Читаем Трещина в мироздании. Редактирование генома. Невероятная технология, способная управлять эволюцией полностью

Для начала Блейк выбрал два вида бактерий – Escherichia coli и Pseudomonas aeruginosa, которые содержат определенные типы систем CRISPR. Бактерия E. coli, например, зарекомендовала себя в качестве лучшего друга биохимика. Неважно, чей ген изучает этот биохимик – микроба, растения, лягушки или человека, – работа часто начинается с внедрения этого гена в искусственную мини-хромосому (плазмиду); затем создается специализированный штамм E. coli, который примет плазмиду как часть собственного генома. Совмещая интересующий его ген с другими синтетическими ДНК-инструкциями, биохимик может заставить E. coli не только создавать десятки копий плазмиды в расчете на одну клетку, но и направлять большинство своих ресурсов на конвертирование информации с изучаемого гена в тысячи копий белка, который тот кодирует. Таким образом биохимик практически превращает E. coli в своего рода микроскопический промышленный биореактор, запрограммированный на массовую выработку определенных белков.

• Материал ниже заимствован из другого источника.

(* Let $m \ge 1$, let $\omega_0 \in \mathbb{R}$, $\gamma > 0$, let $\tilde C \in M_m$ be invertible, and let $\tilde{\boldsymbol\kappa}, \tilde{\boldsymbol d} \in \mathbb{C}^m$ (column vectors). For $\omega \in \mathbb{R}$ define $$\tilde S(\omega) = \tilde C + \frac{\tilde{\boldsymbol d}\,\tilde{\boldsymbol\kappa}^T}{-i(\omega-\omega_0) + \gamma}, \qquad \tilde\rho = -\frac{\tilde{\boldsymbol\kappa}^T \tilde C^{-1}\tilde{\boldsymbol d}}{2\gamma} \in \mathbb{C}.$$ Then as $\omega$ runs over $\mathbb{R}$, $\det\tilde S(\omega)$ traces out a circle in $\mathbb{C}$ (with $\det \tilde S(\omega) \to \det\tilde C$ as $\omega \to \pm\infty$), and: if $\operatorname{Re}\tilde\rho = \tfrac12$ this circle passes through the origin; if $\operatorname{Re}\tilde\rho \neq \tfrac12$ then $\det\tilde S(\omega)\neq 0$ for all real $\omega$ and the winding number of $\det\tilde S$ about the origin satisfies $$\operatorname{wn}(\tilde S) = \begin{cases} 0, & \operatorname{Re}\tilde\rho < \tfrac12,\\ 1, & \operatorname{Re}\tilde\rho > \tfrac12.\end{cases}$$
   Context: $M_m$ denotes the complex $m\times m$ matrices. The winding number is $\operatorname{wn}(\tilde S) = \frac{1}{2\pi i}\int_{-\infty}^{\infty} \frac{1}{\det\tilde S(\omega)}\frac{d \det\tilde S(\omega)}{d\omega}\,d\omega$, i.e. the net change of a continuous polar angle of $\det\tilde S(\omega)$, divided by $2\pi$, as $\omega$ goes from $-\infty$ to $+\infty$ (the curve closes up since both limits equal $\det\tilde C$). *)

From HB Require Import structures.
From mathcomp Require Import all_boot all_order all_algebra.
From mathcomp Require Import all_classical all_reals all_analysis.
From mathcomp Require Import complex.
Set Implicit Arguments. Unset Strict Implicit. Unset Printing Implicit Defensive.
Import Order.TTheory GRing.Theory Num.Theory.
Import numFieldNormedType.Exports.
Local Open Scope ring_scope.
Local Open Scope complex_scope.
Local Open Scope classical_set_scope.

Блейк быстро сконструировал плазмиды из отдельных ассоциированных с CRISPR генов, скопировав последние из геномов E.coli и P. aeruginosa. Собрав десятки штаммов E. coli, которые он “научил” использовать плазмиды как часть своего генетического материала, Блейк начал литрами выращивать культуры каждого из созданных штаммов, чтобы наработать достаточно Cas-белков для своих экспериментов. Давая бактериям ночь на размножение, по утрам Блейк выливал содержимое колб с культурами в большие емкости и отделял клетки от жидкой питательной среды в больших скоростных центрифугах, в которых клетки подвергались воздействию силы, в четыре тысячи раз большей, чем сила земного притяжения. Затем, работая с каждым штаммом по отдельности, он помещал клетки в небольшое количество солевого раствора и подвергал эту жижу воздействию высокоэнергетических звуковых волн, которые резко разрывали клетки, высвобождая их содержимое – в том числе и выработанные ими Cas-белки.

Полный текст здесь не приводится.